The Golden Globe glory of Slumdog Millionaire seems to be raising questions regarding audiences (divided along national, religious, geographic, gender, class and countless other lines) all over again. I have been grappling with these questions regarding the Mehta trilogy, but the recent critical acclaim accrued to the Danny Boyle film, as well as Aravind Adiga's Booker Prize-winning novel The White Tiger is literally pushing the Indian sublatern into the global spotlight. A review from The Australian refers to the gory yet life-affirming movie as 'poverty porn' and blames shallow western audiences rather than filmmakers for their tastes. It also raises the point that the Mumbai-based film has not even been released in India yet, which reminds me of the time Mehta's Water was nominated for an Oscar without having officially being screened in the country of origin. Perhaps critics who write such reviews need to consider the perfectly valid proposition that such films are specifically tailored for the western liberal (and occasionally mainstream) viewers.

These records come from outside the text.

Lemma fibre_permsP (p : {perm T}) :
  reflect (forall x y, w x = w y -> w (p x) = w (p y)) (p \in fibre_perms).
Proof.
rewrite inE; apply: (iffP forallP) => [wp x y /eqP | wp x].
  by move/implyP: (forallP (wp x) y) => /[apply] /eqP.
by apply/forallP => y; apply/implyP => /eqP /wp ->.
Qed.

Lemma fibre_perms_group_set : group_set fibre_perms.
Proof.
apply/group_setP; split; first by apply/fibre_permsP => x y; rewrite !perm1.
move=> p q /fibre_permsP wp /fibre_permsP wq.
by apply/fibre_permsP => x y /wp /wq; rewrite !permM.
Qed.

Canonical fibre_perms_group := Group fibre_perms_group_set.

End PermInvariants.

Definition yoke_relations (gT : finGroupType) (m : nat) (f p t : gT) :=
  [/\ t ^+ 2 = 1, p ^+ 2 = 1, f ^ t = f^-1, f ^ p = f^-1 & (p * t) ^+ 2 = f ^+ m].

Section YokeRelations.

Variables (gT : finGroupType) (m : nat) (f p t : gT).
Hypothesis rel : yoke_relations m f p t.

Definition yoke_sigma j := p * t * f ^+ j.

Let tV : t^-1 = t. Proof. by case: rel => t2 *; apply: invg_involution. Qed.

Let pt_commute : commute (p * t) f.
Proof.
case: rel => _ p2 ft fp _; apply/commute_sym.
by rewrite /commute conjgC conjgM fp conjVg ft invgK.
Qed.

Let pt_conj : (p * t) ^ t = (p * t)^-1.
Proof.
case: rel => t2 p2 _ _ _.
by rewrite conjgE tV -mulgA -expg2 t2 mulg1 invMg tV invg_involution.
Qed.

Lemma commute_yoke_sigma j : commute f (yoke_sigma j).
Proof. exact/commuteM/commuteX/commute_refl/commute_sym. Qed.

Lemma yoke_sigma_sqr j : yoke_sigma j ^+ 2 = f ^+ (m + j.*2).
Proof.
case: rel => _ _ _ _ pt2.
by rewrite expgMn; [rewrite pt2 -expgM expgD muln2 | exact: commuteX].
Qed.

Maybe I'll revise that statement and say that such films are more likely to appeal to the cosmopolitan viewer, whether in India or overseas. While city-dwellers in India may be aware of the existence of slums, it is largely peripheral to their privileged lives. In other words, the film might be as shocking to a section of Indian viewers as it is to the western viewer. The purpose, then, may not be to reach the slum-dwellers themselves, but shake the rest of us out of our consumerist oblivion. Will the so-called slumdogs object to their onscreen portrayal? David Stratton called in Dickensian, and I think he might be right. The poor are not without agency in this film, so why cast them as victims?

What's in a Voice?

I have to have one for my film as well as my dissertation, preferably the same for both. But, what is a 'voice', leave alone 'my voice'? Also, why is it important?
Maybe it is something akin to a personal style (both aesthetic and political). Perhaps, instead of thinking about all my influences separately, what I need is to think of them holistically. It is how I combine these threads and produce a pattern that transcends the individual colours and textures that will determine the nature of my voice.
Theoretically speaking, I need to stop swimming in the theory. Do I know enough to last once I'm out of the water? Probably, but the water is not going to disappear. It is always there to be used as an aid.
As to the importance of the voice, I know intuitively that it can make or break a movie or a book. This is not to say that texts should be read as per the intentions of the auteur, but more so that the voice will come through more strongly if it is a subtle yet all-encompassing presence.

Wednesday 7 January 2009

e-motion = Emotion?

I was reading about humans in motion, and then I began to wonder if it was possible to conceptualise the post-globalisation flows of people as electronic movements. Why electronic? Because they are occurring at unprecedented levels, more rapid and widespread than at any other time in the course of human history. These flows are also greatly aided by advances in modern technology, be it means of transporting people physically from one place to another or imaginative conduits like the internet and satellite television. Hence the coinage of e-motion.

However, the question now arises - can e-motion encompass the brea(d)th of emotion that accompany this motion? This probably brings us to the age-old conflict between empirical facts and qualitative data, but need this relationship be divisive? I would like to think that science and art can mutually benefit from each other's company, be perfect complements. e-motion may not be equivalent to emotion, but it can certainly gain from the hues and textures of the latter concept. Similarly, emotion may appear devoid of rationale, and thereby gain from e-motion's exactitude.